Economists from across the spectrum agree that stimulus spending was, and perhaps will continue to be, necessary to keep the US economy afloat, thus incurring larger deficits and debt. The question then becomes, what kind of spending programs will do the least harm to a government's long-term debt picture?

"Any necessary sharp, near-term rise in federal debt should be paired with a strategy to address the underlying forces driving up federal spending," said Holtz-Eakin.

For example, a "stimulus effort should avoid new policies that create new spending programs," he said. "These types of programs would exacerbate the underlying spending growth that is feeding unsustainable debt projections."

Observers concerned about deficits and debt are therefore expressing concern over the health insurance reform legislation now pending before the US Congress. The Senate and the House of Representatives passed different versions of such a program late in 2009. The measures must be reconciled into a single measure and passed by the two chambers before it can be signed into law by President Barrack Obama.

Although proponents of health insurance reform claim that it is 'deficit neutral' and that it will reduce the government's health care costs over the long term, others are skeptical.

"There is an air of absurdity to what is mistakenly called 'health-care reform,'" wrote Robert Samuelson in the Washington Post. "Everyone knows that the US faces massive governmental budget deficits as far as calculators can project, driven heavily by an aging population and uncontrolled health costs.
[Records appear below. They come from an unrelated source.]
(* The enumeration saturates at length 9 (with the 48 elements of W(C_3)),
   and the word of the theorem is not reached by shorter words. *)
Lemma C3_reduced_words_short w : reduced_word cartanC3 w -> (size w <= 9)%N.
Proof. by apply: (@reduced_word_size_le 3 rowsC3); vm_compute. Qed.

Lemma C3_top_word_reduced :
  reduced_word cartanC3 [:: i1; i2; i3; i2; i1; i2; i3; i2; i3].
Proof. by apply: (@reduced_word_of_new 3 rowsC3); vm_compute. Qed.

Lemma C3_ud : is_ud cartanC3 9.
Proof.
apply: is_ud_intro; [exact: alphaC3_neq0 | exact: C3_reduced_words_short |].
exists [:: i1; i2; i3; i2; i1; i2; i3; i2; i3], (U_(i1) *+ 5 + U_(i2) *+ 3 + U_(i3))%MM.
split; first exact: C3_top_word_reduced.
  rewrite (_ : 'X_[_] = 'X_i1 ^+ 5 * 'X_i2 ^+ 3 * 'X_i3) ?C3_top_monomial //.
  by rewrite !mpolyXn !mpolyXD.
by rewrite !mulmS !mulm0n !mdegD !mdeg1 ?mdeg0.
Qed.

Definition rowsC2 : seq (seq int) := [:: [:: 2; -1]; [:: -2; 2]].
Definition j1 : 'I_2 := @Ordinal 2 0 isT.
Definition j2 : 'I_2 := @Ordinal 2 1 isT.

Lemma alphaC2_neq0 i : alpha cartanC2 i != 0.
Proof. by apply: alpha_neq0; case: i => [[|[|//]] ?]; rewrite mxE. Qed.

Lemma C2_x1_cube : ddiff_word cartanC2 [:: j1; j2; j1] ('X_j1 ^+ 3) = 1.
Proof.
have d1 : ddiff cartanC2 j1 ('X_j1 ^+ 3) = 'X_j1 ^+ 2 - 'X_j1 * 'X_j2 + 'X_j2 ^+ 2.
  by ddiff_by_computation alphaC2_neq0.
have d2 : ddiff cartanC2 j2 ('X_j1 ^+ 2 - 'X_j1 * 'X_j2 + 'X_j2 ^+ 2) = 'X_j1.
  by ddiff_by_computation alphaC2_neq0.
by rewrite /= d1 d2 (ddiffXii alphaC2_neq0).
Qed.

Lemma C2_top_monomial :
  ddiff_word cartanC2 [:: j1; j2; j1; j2] ('X_j1 ^+ 3 * 'X_j2) = 1.
Proof.
change [:: j1; j2; j1; j2] with ([:: j1; j2; j1] ++ [:: j2]).
rewrite ddiff_word_cat (ddiff_word_Xpow_mul alphaC2_neq0 (w := [:: j2])) //.
by rewrite (ddiffXii alphaC2_neq0 j2 : ddiff_word _ [:: j2] _ = 1) mulr1 C2_x1_cube.
Qed.

Lemma C2_ud : is_ud cartanC2 4.
Proof.
apply: is_ud_intro; [exact: alphaC2_neq0 | |].
  by move=> w; apply: (@reduced_word_size_le 2 rowsC2); vm_compute.
exists [:: j1; j2; j1; j2], (U_(j1) *+ 3 + U_(j2))%MM.
split; first by apply: (@reduced_word_of_new 2 rowsC2); vm_compute.
  rewrite (_ : 'X_[_] = 'X_j1 ^+ 3 * 'X_j2) ?C2_top_monomial //.
  by rewrite !mpolyXn !mpolyXD.
by rewrite !mulmS !mulm0n !mdegD !mdeg1 ?mdeg0.
Qed.

Theorem mainTheorem6 :
  ddiff_word cartanC3 [:: i3] 'X_i3 = 1 /\
      ddiff_word cartanC3 [:: i2; i3; i2] ('X_i2 ^+ 3) = 1 /\
      ddiff_word cartanC3 [:: i1; i2; i3; i2; i1] ('X_i1 ^+ 5) = 1 /\
      ddiff_word cartanC3 [:: i1; i2; i3; i2; i1; i2; i3; i2; i3]
        ('X_i1 ^+ 5 * 'X_i2 ^+ 3 * 'X_i3) = 1 /\
      is_ud cartanC3 9 /\
  is_ud cartanC2 4.
Proof.
split; first exact: C3_x3.
split; first exact: C3_x2_cube.
split; first exact: C3_x1_fifth.
split; first exact: C3_top_monomial.
by split; [exact: C3_ud | exact: C2_ud].
Qed.
(* Let $\gamma$ be a generator of $\mathbb{F}_q^*$, let $f_1,\dots,f_s\in\mathbb{F}_q[x]$ be polynomials of degree at most $d$, and let $M$ be the $s\times s$ matrix over $\mathbb{F}_q(x)$ with $(j,i)$ entry $f_i(\gamma^j x)$ for $j=0,\dots,s-1$, $i=1,\dots,s$. Then: (1) $\det(M)\ne0$ iff $f_1,\dots,f_s$ are linearly independent over the subfield $\mathbb{F}_q(x^{q-1})$ of $\mathbb{F}_q(x)$; (2) if $q-1>d$, then $\det(M)\neq0$ iff $f_1,\dots,f_s$ are linearly independent over $\mathbb{F}_q$.
   Context: $\mathbb{F}_q(x^{q-1})$ denotes the subfield of $\mathbb{F}_q(x)$ consisting of rational functions of the form $u(x^{q-1})$ with $u\in\mathbb{F}_q(x)$. *)

From HB Require Import structures.
From mathcomp Require Import all_boot all_order all_algebra.
Set Implicit Arguments. Unset Strict Implicit. Unset Printing Implicit Defensive.
Import Order.TTheory GRing.Theory.
Local Open Scope ring_scope.

Notation ratfun F := {fraction {poly F}}.
Definition polyF (F : fieldType) (p : {poly F}) : ratfun F := FracField.tofrac p.

(* The subfield F_q(x^{q-1}) of F_q(x): rational functions u(x^{q-1}),
   u = p/r in F_q(x), i.e. elements p(x^{q-1}) / r(x^{q-1}) with r <> 0. *)
Definition subfield_xq1 (F : finFieldType) (a : ratfun F) : Prop :=
  exists p r : {poly F}, r != 0 /\
              a = polyF (p \Po 'X^(#|F|.-1)) / polyF (r \Po 'X^(#|F|.-1)).

Definition lin_indep_over_subfield (F : fieldType) (K : ratfun F -> Prop)
    (s : nat) (f : 'I_s -> {poly F}) : Prop :=
  forall c : 'I_s -> ratfun F, (forall i, K (c i)) ->
    \sum_(i < s) c i * polyF (f i) = 0 -> forall i, c i = 0.

Definition lin_indep_over_base (F : fieldType) (s : nat)
    (f : 'I_s -> {poly F}) : Prop :=
  forall c : 'I_s -> F, \sum_(i < s) c i *: f i = 0 -> forall i, c i = 0.

Definition Mmat (F : fieldType) (gamma : F) (s : nat) (f : 'I_s -> {poly F})
  : 'M[ratfun F]_s :=
  \matrix_(j < s, i < s) polyF ((f i) \Po (gamma ^+ j *: 'X)).

From HB Require Import structures.
From mathcomp Require Import all_boot all_order all_algebra.
Import GRing.Theory.
Set Implicit Arguments. Unset Strict Implicit. Unset Printing Implicit Defensive.

Local Open Scope ring_scope.
Local Open Scope quotient_scope.

(* Let q = #|F|, n = q - 1 and let sigma be the F-automorphism x |-> gamma x
   of F(x).  The matrix M of the theorem is the transpose of the Casoratian
   (s^j (f_i))_(i,j) of the f_i with respect to s = sigma, so the proof has
   three independent parts.
   1. For any field endomorphism s of a field L, the Casoratian of
      f_1..f_k vanishes iff the f_i satisfy a nontrivial linear relation with
      s-invariant coefficients (casoratian_eq0, by induction on k).
   2. The fixed field of sigma is F(x^n) (dilation_fixedP): a fixed p/r is
      rewritten over the denominator N(r) = prod_(b in F^* ) r(bx), which is
      sigma-invariant, and a sigma-invariant polynomial only has monomials of
      degree divisible by the order n of gamma.
   3. If deg f_i < n, independence over F(x^n) is equivalent to independence
      over F (indep_subfield_base): clearing denominators gives a relation
      sum_i u_i(x^n) f_i = 0, and comparing the blocks of coefficients of
      degrees [kn, (k+1)n) gives sum_i (u_i)_k f_i = 0 for every k.
   To build sigma, an injective ring morphism R -> K into a field is first
   extended to the fraction field of R (frac_lift_rmorphism). *)

Local Notation tf := (@FracField.tofrac _).

Section FracLift.
Variables (R : idomainType) (K : fieldType) (phi : {rmorphism R -> K}).
Hypothesis phi_inj : injective phi.

Lemma fracE (a : {fraction R}) : a = tf \n_(repr a) / tf \d_(repr a).
Proof.
rewrite -[in LHS](reprK a); set x := repr a.
have pi_den : (\pi x : {fraction R}) * tf \d_x = tf \n_x.
  rewrite !piE; apply/eqmodP; rewrite /= FracField.equivfE /FracField.mulf.
  by rewrite !numden_Ratio ?mulf_neq0 ?oner_neq0 ?denom_ratioP // !mulr1 mulrC.
by rewrite -pi_den mulfK // tofrac_eq0 denom_ratioP.
Qed.

Lemma fracP (a : {fraction R}) : exists p r, r != 0 /\ a = tf p / tf r.
Proof. by exists \n_(repr a), \d_(repr a); split; [exact: denom_ratioP | exact: fracE]. Qed.

Definition frac_lift (a : {fraction R}) : K := phi \n_(repr a) / phi \d_(repr a).

Lemma rmorph_inj_neq0 p : p != 0 -> phi p != 0.
Proof. by rewrite -(rmorph0 phi) (inj_eq phi_inj). Qed.

Lemma frac_liftE p r : r != 0 -> frac_lift (tf p / tf r) = phi p / phi r.
Proof.
move=> r0; set a := tf p / tf r.
have /eqP := fracE a; rewrite {1}/a eq_sym eqr_div ?tofrac_eq0 ?denom_ratioP //.
rewrite -!tofracM tofrac_eq => /eqP E.
by apply/eqP; rewrite /frac_lift eqr_div ?rmorph_inj_neq0 ?denom_ratioP // -!rmorphM E.
Qed.

Lemma frac_lift_tofrac p : frac_lift (tf p) = phi p.
Proof.
by rewrite -[tf p]divr1 -tofrac1 frac_liftE ?oner_neq0 // rmorph1 divr1.
Qed.

Lemma frac_lift_zmod_morphism : zmod_morphism frac_lift.
Proof.
move=> a b; have [p [r [r0 ->]]] := fracP a; have [p' [r' [r'0 ->]]] := fracP b.
rewrite -mulNr -tofracN addf_div ?tofrac_eq0 // -!tofracM -tofracD.
rewrite !frac_liftE ?mulf_neq0 // -mulNr -rmorphN addf_div ?rmorph_inj_neq0 //.
by rewrite rmorphD !rmorphM.
Qed.

Lemma frac_lift_monoid_morphism : monoid_morphism frac_lift.
Proof.
split=> [|a b]; first by rewrite -tofrac1 frac_lift_tofrac rmorph1.
have [p [r [r0 ->]]] := fracP a; have [p' [r' [r'0 ->]]] := fracP b.
rewrite mulf_div -!tofracM !frac_liftE ?mulf_neq0 //.
by rewrite mulf_div !rmorphM.
Qed.

(* frac_lift as a ring morphism; the morphism laws use injectivity of phi, so
   the structure is packed explicitly rather than declared canonical. *)
Definition frac_lift_rmorphism : {rmorphism {fraction R} -> K} :=
  HB.pack frac_lift (GRing.isZmodMorphism.Build _ _ _ frac_lift_zmod_morphism)
    (GRing.isMonoidMorphism.Build _ _ _ frac_lift_monoid_morphism).
End FracLift.

Section Casoratian.
Variables (L : fieldType) (s : {rmorphism L -> L}).

Definition casoratian n (f : 'I_n -> L) : 'M[L]_n := \matrix_(i, j) iter j s (f i).

Lemma casoratianE n (f : 'I_n -> L) i j : casoratian f i j = iter j s (f i).
Proof. by rewrite mxE. Qed.

Definition fixed_relation n (f c : 'I_n -> L) : Prop :=
  [/\ forall i, s (c i) = c i, exists i, c i != 0 & \sum_i c i * f i = 0].

Lemma casoratian_singularP n (f : 'I_n -> L) :
  reflect (exists2 v : 'I_n -> L, exists i, v i != 0 &
             forall j : 'I_n, \sum_i v i * iter j s (f i) = 0)
          (\det (casoratian f) == 0).
Proof.
apply: (iffP det0P) => [[v v0 v_rel] | [v [i vi] v_rel]].
- exists (v 0).
    apply/existsP; apply: contraNT v0 => /existsPn v0.
    by apply/eqP/rowP => i; rewrite mxE; apply/eqP/negbNE/v0.
  move=> j; have /rowP/(_ j) := v_rel; rewrite !mxE => v_rel_j.
  by rewrite -[RHS]v_rel_j; apply: eq_bigr => i _; rewrite casoratianE.
- exists (\row_i v i); first by apply: contraNneq vi => /rowP/(_ i); rewrite !mxE => ->.
  apply/rowP => j; rewrite !mxE -[RHS](v_rel j).
  by apply: eq_bigr => k _; rewrite mxE casoratianE.
Qed.

Lemma casoratian_kernel n (f v : 'I_n -> L) : \det (casoratian f) != 0 ->
  (forall j : 'I_n, \sum_i v i * iter j s (f i) = 0) -> forall i, v i = 0.
Proof.
move=> f_det v_rel i; apply/eqP; move: f_det; apply: contraNT => vi.
by apply/casoratian_singularP; exists v => //; exists i.
Qed.

Lemma casoratian_map n (f : 'I_n -> L) :
  map_mx s (casoratian f) = casoratian (fun i => s (f i)).
Proof. by apply/matrixP => i j; rewrite mxE !casoratianE -iterSr. Qed.

Lemma iter_fixed_relation n (f c : 'I_n -> L) : fixed_relation f c ->
  forall j, \sum_i c i * iter j s (f i) = 0.
Proof.
case=> c_fix _ c_rel; elim=> [//|j IH].
rewrite -[RHS](rmorph0 s) -[X in s X]IH rmorph_sum; apply: eq_bigr => i _.
by rewrite rmorphM c_fix.
Qed.

(* Induction step: if the Casoratian of f_1..f_n is nonsingular but that of
   f_0..f_n is singular, normalize a kernel vector w by w_0 = 1; then the
   vector (s w_i - w_i)_(i>0) is killed by the nonsingular Casoratian of
   s f_1..s f_n, so w is s-invariant. *)
Lemma casoratian_step n (f : 'I_n.+1 -> L) :
  \det (casoratian (fun k : 'I_n => f (lift ord0 k))) != 0 ->
  \det (casoratian f) = 0 -> exists c, fixed_relation f c.
Proof.
set g := fun k => _ => g_det /eqP/casoratian_singularP[v [i0 vi0] v_rel].
have v0 : v ord0 != 0.
  apply: contraNneq g_det => v00; apply/casoratian_singularP.
  exists (fun k => v (lift ord0 k)).
    by case: (unliftP ord0 i0) vi0 => [k -> | ->]; [exists k | rewrite v00 eqxx].
  move=> j; have := v_rel (widen_ord (leqnSn n) j).
  by rewrite big_ord_recl v00 mul0r add0r.
pose w i := v i / v ord0.
have w0 : w ord0 = 1 by rewrite /w divff.
have w_rel (j : 'I_n.+1) : \sum_i w i * iter j s (f i) = 0.
  rewrite -[RHS](mul0r (v ord0)^-1) -[X in X * _](v_rel j) mulr_suml.
  by apply: eq_bigr => i _; rewrite mulrAC.
have w_fix k : s (w (lift ord0 k)) = w (lift ord0 k).
  apply/eqP; rewrite -subr_eq0; apply/eqP; move: k.
  apply: (casoratian_kernel (f := fun k => s (g k))).
    by rewrite -casoratian_map det_map_mx fmorph_eq0.
  move=> j; have rel0 : \sum_i w i * iter j s (f i) = 0 := w_rel (widen_ord (leqnSn n) j).
  have rel1 : \sum_i w i * iter j.+1 s (f i) = 0 := w_rel (lift ord0 j).
  have : \sum_i (s (w i) - w i) * iter j.+1 s (f i) = 0.
    rewrite (eq_bigr (fun i => s (w i * iter j s (f i)) - w i * iter j.+1 s (f i))).
      by rewrite sumrB -rmorph_sum rel0 rel1 rmorph0 subrr.
    by move=> i _; rewrite mulrBl rmorphM.
  rewrite big_ord_recl w0 rmorph1 subrr mul0r add0r => rel.
  by rewrite -[RHS]rel; apply: eq_bigr => k _; rewrite -iterSr.
exists w; split; last exact: (w_rel ord0).
- by move=> i; case: (unliftP ord0 i) => [k ->|->]; rewrite ?w_fix ?w0 ?rmorph1.
- by exists ord0; rewrite w0 oner_eq0.
Qed.

Lemma casoratian_eq0 n (f : 'I_n -> L) :
  \det (casoratian f) = 0 <-> exists c, fixed_relation f c.
Proof.
split=> [|[c c_rel]]; last first.
  apply/eqP/casoratian_singularP; exists c; last exact: iter_fixed_relation.
  by case: c_rel.
elim: n f => [|n IH] f f_det.
  by move: f_det; rewrite det_mx00 => /eqP; rewrite oner_eq0.
have [g_det|] := eqVneq (\det (casoratian (fun k => f (lift ord0 k)))) 0; last first.
  by move/casoratian_step; apply.
have [c [c_fix [i ci] c_rel]] := IH _ g_det.
exists (fun i => if unlift ord0 i is Some k then c k else 0); split.
- by move=> i'; case: (unliftP ord0 i') => [k|] _; rewrite ?c_fix ?rmorph0.
- by exists (lift ord0 i); rewrite liftK.
- rewrite big_ord_recl unlift_none mul0r add0r -[RHS]c_rel.
  by apply: eq_bigr => k _; rewrite liftK.
Qed.
End Casoratian.

Section Dilation.
Variable F : fieldType.
Implicit Types (c : F) (p r : {poly F}).

Lemma prim_root_neq0 m c : m.-primitive_root c -> c != 0.
Proof. by move=> c_prim; rewrite (prim_root_eq0 c_prim) -lt0n (prim_order_gt0 c_prim). Qed.

Lemma coef_dilate c p i : (p \Po (c *: 'X))`_i = c ^+ i * p`_i.
Proof.
have -> : p \Po (c *: 'X) = \poly_(i < size p) (p`_i * c ^+ i).
  by rewrite comp_polyE poly_def; apply: eq_bigr => j _; rewrite exprZn scalerA.
rewrite coef_poly; case: ltnP => [_|p_small]; first by rewrite mulrC.
by rewrite nth_default // mulr0.
Qed.
(* Let $1<w\le 2$, $h>1$, $k\ge 2$, and let $\frac12\le y_1<\dots<y_n\le h-\frac12$ be uniformly spaced with $y_{i+1}-y_i=\frac1k$ for all $i$. Let $(\mathbf x,\prec)$ be a $\frac1k$-reasonable layout of this instance, and let $W=[a,b]\subseteq[\frac12,h-\frac12]$ and $W'=[a-\frac1k,b+\frac1k]$. Then the number of bad squares $s_i$ with $y_i\in W$ is at most three times the number of standard bad squares $s_i$ with $y_i\in W'$.
   Context: The instance is the strip $T=[0,w]\times[0,h]$ with the given $y_i$. A layout is a pair $(\mathbf x,\prec)$ where $\mathbf x=(x_1,\dots,x_n)$ with $x_i\in[\frac12,w-\frac12]$, and $\prec$ is a total order on the squares $s_1,\dots,s_n$, where $s_i$ is the closed axis-parallel unit square with centre $(x_i,y_i)$. If $s_i\prec s_j$ we say $s_j$ is in front of $s_i$ and $s_i$ is behind $s_j$. A point $p$ on the boundary of $s_i$ is visible if every square $s_j$ ($j\neq i$) containing $p$ is behind $s_i$, and covered otherwise. The visible perimeter of $s_i$ is the total length of its visible boundary points; the gap of $s_i$ is its visible perimeter minus $2$, the gap of a layout is the minimum gap of its squares, and a layout is $\varepsilon$-reasonable if its gap is larger than $\varepsilon$. A bad square is a square with at least two of its four corners covered; a standard bad square is a bad square one of whose vertical sides is entirely covered. *)

From HB Require Import structures.
From mathcomp Require Import all_boot all_order all_algebra perm.
From mathcomp Require Import all_classical all_reals.
From mathcomp Require Import ereal measure lebesgue_measure.
Set Implicit Arguments. Unset Strict Implicit. Unset Printing Implicit Defensive.
Import Order.TTheory GRing.Theory Num.Theory.
Local Open Scope ring_scope.
Local Open Scope classical_set_scope.

Section Layouts.
Variables (R : realType) (n : nat).
(* Let $k\geqslant 1$ be an integer. For $l=(l_1,\ldots,l_k)\in(\mathbb R_{>0})^k$, let $S_l$ be the nondecreasing sequence obtained by taking the union (with multiplicity) of the $k$ sequences $T_i=\{d/l_i\}_{d=1}^\infty$, $i=1,\ldots,k$, and reordering the entries in nondecreasing order; write $S_l[d]$ for the $d$-th entry of $S_l$ (indexing from $1$), and $|l|=l_1+\ldots+l_k$. Then for every $d\in\mathbb N=\{1,2,\ldots\}$, $$\sup_{l\in(\mathbb R_{>0})^k}|l|\,S_l[d]=d+k-1.$$ *)

From HB Require Import structures.
From mathcomp Require Import all_boot all_order all_algebra.
From mathcomp Require Import all_classical all_reals ereal.
Set Implicit Arguments. Unset Strict Implicit. Unset Printing Implicit Defensive.
Import Order.TTheory GRing.Theory Num.Theory.
Local Open Scope ring_scope.
Local Open Scope classical_set_scope.

(* For t >= 0, the number of entries of T_i that are <= t is
   #{ m >= 1 | m / l_i <= t } = floor (t * l_i)  (l_i > 0),
   so the number of entries of S_l that are <= t is the following sum. *)
Definition nentries_le (R : realType) (k : nat) (l : 'I_k -> R) (t : R) : int :=
  \sum_(i < k) Num.floor (t * l i).

(* S_l[d] (1-indexed): the d-th entry of the nondecreasing rearrangement of
   S_l, i.e. the least t >= 0 such that at least d entries of S_l are <= t
   (standard order statistic; the infimum is attained). *)
Definition Sl (R : realType) (k : nat) (l : 'I_k -> R) (d : nat) : R :=
  inf [set t : R | 0 <= t /\ (d%:Z <= nentries_le l t)%R].

Definition lsum (R : realType) (k : nat) (l : 'I_k -> R) : R := \sum_(i < k) l i.

From HB Require Import structures.
From mathcomp Require Import all_boot all_order all_algebra.
From mathcomp Require Import all_classical all_reals ereal.
From mathcomp Require Import lra zify.
Import Order.TTheory GRing.Theory Num.Theory.
Local Open Scope ring_scope.
Local Open Scope classical_set_scope.

(* Each of the k floors loses less than 1, so at level t there are more than
   t |l| - k entries; at t = (d + k - 1) / |l| this already gives d entries,
   whence |l| S_l[d] <= d + k - 1.  Equality is attained by l = (d, 1, ..., 1):
   below level 1 the i-th sequence contributes at most l_i - 1 entries, i.e.
   d - 1 in total, while at level 1 there are d + k - 1 of them, so S_l[d] = 1. *)

Section OrderStatistic.
Variables (R : realType) (k : nat).
Implicit Types (l : 'I_k -> R) (d : nat) (t : R).

Lemma nentries_le_gt (k_gt0 : (0 < k)%N) l t :
  t * lsum l - k%:R < (nentries_le l t)%:~R.
Proof.
rewrite /nentries_le /lsum rmorph_sum mulr_sumr.
have -> : (k%:R : R) = \sum_(i < k) 1 by rewrite sumr_const card_ord.
rewrite -sumrB; apply: ltr_sum => [|i _].
  by apply/hasP; exists (Ordinal k_gt0); rewrite ?mem_index_enum.
by have := floorD1_gt (t * l i); rewrite intrD; lra.
Qed.

Lemma Sl_le l d t : 0 <= t -> d%:Z <= nentries_le l t -> Sl l d <= t.
Proof. by move=> t_ge0 enough_t; apply: ge_inf => //; exists 0 => y []. Qed.

Lemma Sl_eq l d t : 0 <= t -> d%:Z <= nentries_le l t ->
  (forall y, 0 <= y -> y < t -> nentries_le l y < d%:Z) -> Sl l d = t.
Proof.
move=> t_ge0 enough_t few_below; apply/le_anti; rewrite Sl_le //=.
apply: lb_le_inf => [|y [y_ge0 enough_y]]; first by exists t.
by rewrite leNgt; apply: contraTN enough_y => /(few_below _ y_ge0); rewrite -ltNge.
Qed.

Lemma lsum_gt0 (k_gt0 : (0 < k)%N) {l} : (forall i, 0 < l i) -> 0 < lsum l.
Proof.
move=> l_gt0; rewrite /lsum (bigD1 (Ordinal k_gt0)) //= ltr_pwDl //.
by apply: sumr_ge0 => i _; apply: ltW.
Qed.

Lemma lsum_mul_Sl_le (k_gt0 : (0 < k)%N) d l : (0 < d)%N -> (forall i, 0 < l i) ->
  lsum l * Sl l d <= (d + k - 1)%:R.
Proof.
move=> d_gt0 l_gt0; have lsum_gt0 := lsum_gt0 k_gt0 l_gt0.
pose t := (d + k - 1)%:R / lsum l.
have t_lsum : t * lsum l = (d + k - 1)%:R by rewrite divfK ?gt_eqF.
have enough_t : d%:Z <= nentries_le l t.
  have := nentries_le_gt k_gt0 l t.
  rewrite t_lsum natrB ?addn_gt0 ?d_gt0 // natrD => many_t.
  have : (d%:Z - 1)%:~R < (nentries_le l t)%:~R :> R by rewrite intrB; lra.
  by rewrite ltr_int; lia.
rewrite -ler_pdivlMl // mulrC -/t; apply: Sl_le enough_t.
by rewrite divr_ge0 // ltW.
Qed.

End OrderStatistic.

Section IntegerWeights.
Variables (R : realType) (k : nat) (n : 'I_k -> nat).
Hypothesis n_gt0 : forall i, (0 < n i)%N.

Let l : 'I_k -> R := fun i => (n i)%:R.

Lemma nentries_le_nat1 : nentries_le l 1 = (\sum_(i < k) n i)%N%:Z.
Proof.
rewrite /nentries_le -natz natr_sum; apply: eq_bigr => i _.
by rewrite /l mul1r pmulrn intrKfloor natz.
Qed.

Lemma nentries_le_nat_lt1 {y} : 0 <= y -> y < 1 ->
  nentries_le l y <= (\sum_(i < k) n i)%N%:Z - k%:Z.
Proof.
move=> y_ge0 y_lt1.
have -> : k%:Z = \sum_(i < k) 1 by rewrite sumr_const card_ord natz.
rewrite -natz natr_sum -sumrB; apply: ler_sum => i _; rewrite natz.
suff : Num.floor (y * l i) < (n i)%:Z by rewrite -ltzD1 subrK.
have n_pos : (0 : R) < (n i)%:R by rewrite ltr0n.
by rewrite floor_lt_int /l; nra.
Qed.

Lemma Sl_nat d : ((\sum_(i < k) n i) - k < d <= \sum_(i < k) n i)%N -> Sl l d = 1.
Proof.
move=> /andP[d_gt d_le]; apply: Sl_eq => // [|y y_ge0 y_lt1].
  by rewrite nentries_le_nat1 lez_nat.
apply: le_lt_trans (nentries_le_nat_lt1 y_ge0 y_lt1) _; lia.
Qed.

End IntegerWeights.

Definition spike {k : nat} (d : nat) (i : 'I_k) : nat := if val i == 0%N then d else 1.

Lemma spike_gt0 k d (i : 'I_k) : (0 < d)%N -> (0 < spike d i)%N.
Proof. by rewrite /spike; case: ifP. Qed.

Lemma sum_spike k d : (0 < k)%N -> (\sum_(i < k) spike d i = d + k - 1)%N.
Proof.
move=> k_gt0; rewrite (bigD1 (Ordinal k_gt0)) //= {1}/spike /=.
rewrite (eq_bigr (fun _ => 1%N)) => [|i]; last first.
  by rewrite /spike -val_eqE /= => /negbTE ->.
by rewrite sum1_card cardC1 card_ord -subn1 addnBA.
Qed.

Theorem proposition5 (R : realType) (k d : nat) (hk : (1 <= k)%N) (hd : (1 <= d)%N) :
  ereal_sup [set ((lsum l * Sl l d)%:E : \bar R) | l in
              [set l : 'I_k -> R | forall i, 0 < l i]]
  = ((d + k - 1)%:R : R)%:E.
Proof.
apply/le_anti/andP; split.
  by apply: ge_ereal_sup => _ [l l_gt0 <-]; rewrite lee_fin lsum_mul_Sl_le.
apply: ereal_sup_ubound; exists (fun i => (spike d i)%:R) => [i|].
  by rewrite /= ltr0n spike_gt0.
rewrite Sl_nat => [|i|]; last by rewrite sum_spike //; lia.
- by rewrite mulr1 /lsum -natr_sum sum_spike.
- exact: spike_gt0.
Qed.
As we recover slowly from a devastating recession, it's widely agreed that [...] a prudent society would embark on long-term policies to control health costs, reduce government spending and curb massive future deficits.

"So what do they [the president and Congress] do? Just the opposite," Samuelson argued. "Their far-reaching overhaul of the health-care system [...] would almost certainly make matters worse. It would create new, open-ended medical entitlements that threaten higher deficits and would do little to suppress surging health costs."

In some countries, investor pressure is already forcing governments to slash spending in order to control debt. In December, the government of Ireland trimmed $4 billion in spending that cut government salaries as well as payments to the unemployed and the disabled.

Greece's new Socialist government, which came to power in October promising to protect state salaries and public spending, unveiled a budget late in the year that hiked taxes, froze public sector hiring, and cut social security and government operating expenditures by 10 percent. This, after three international ratings agencies downgraded Greek bond ratings.

Might not the US have to follow suit before too long?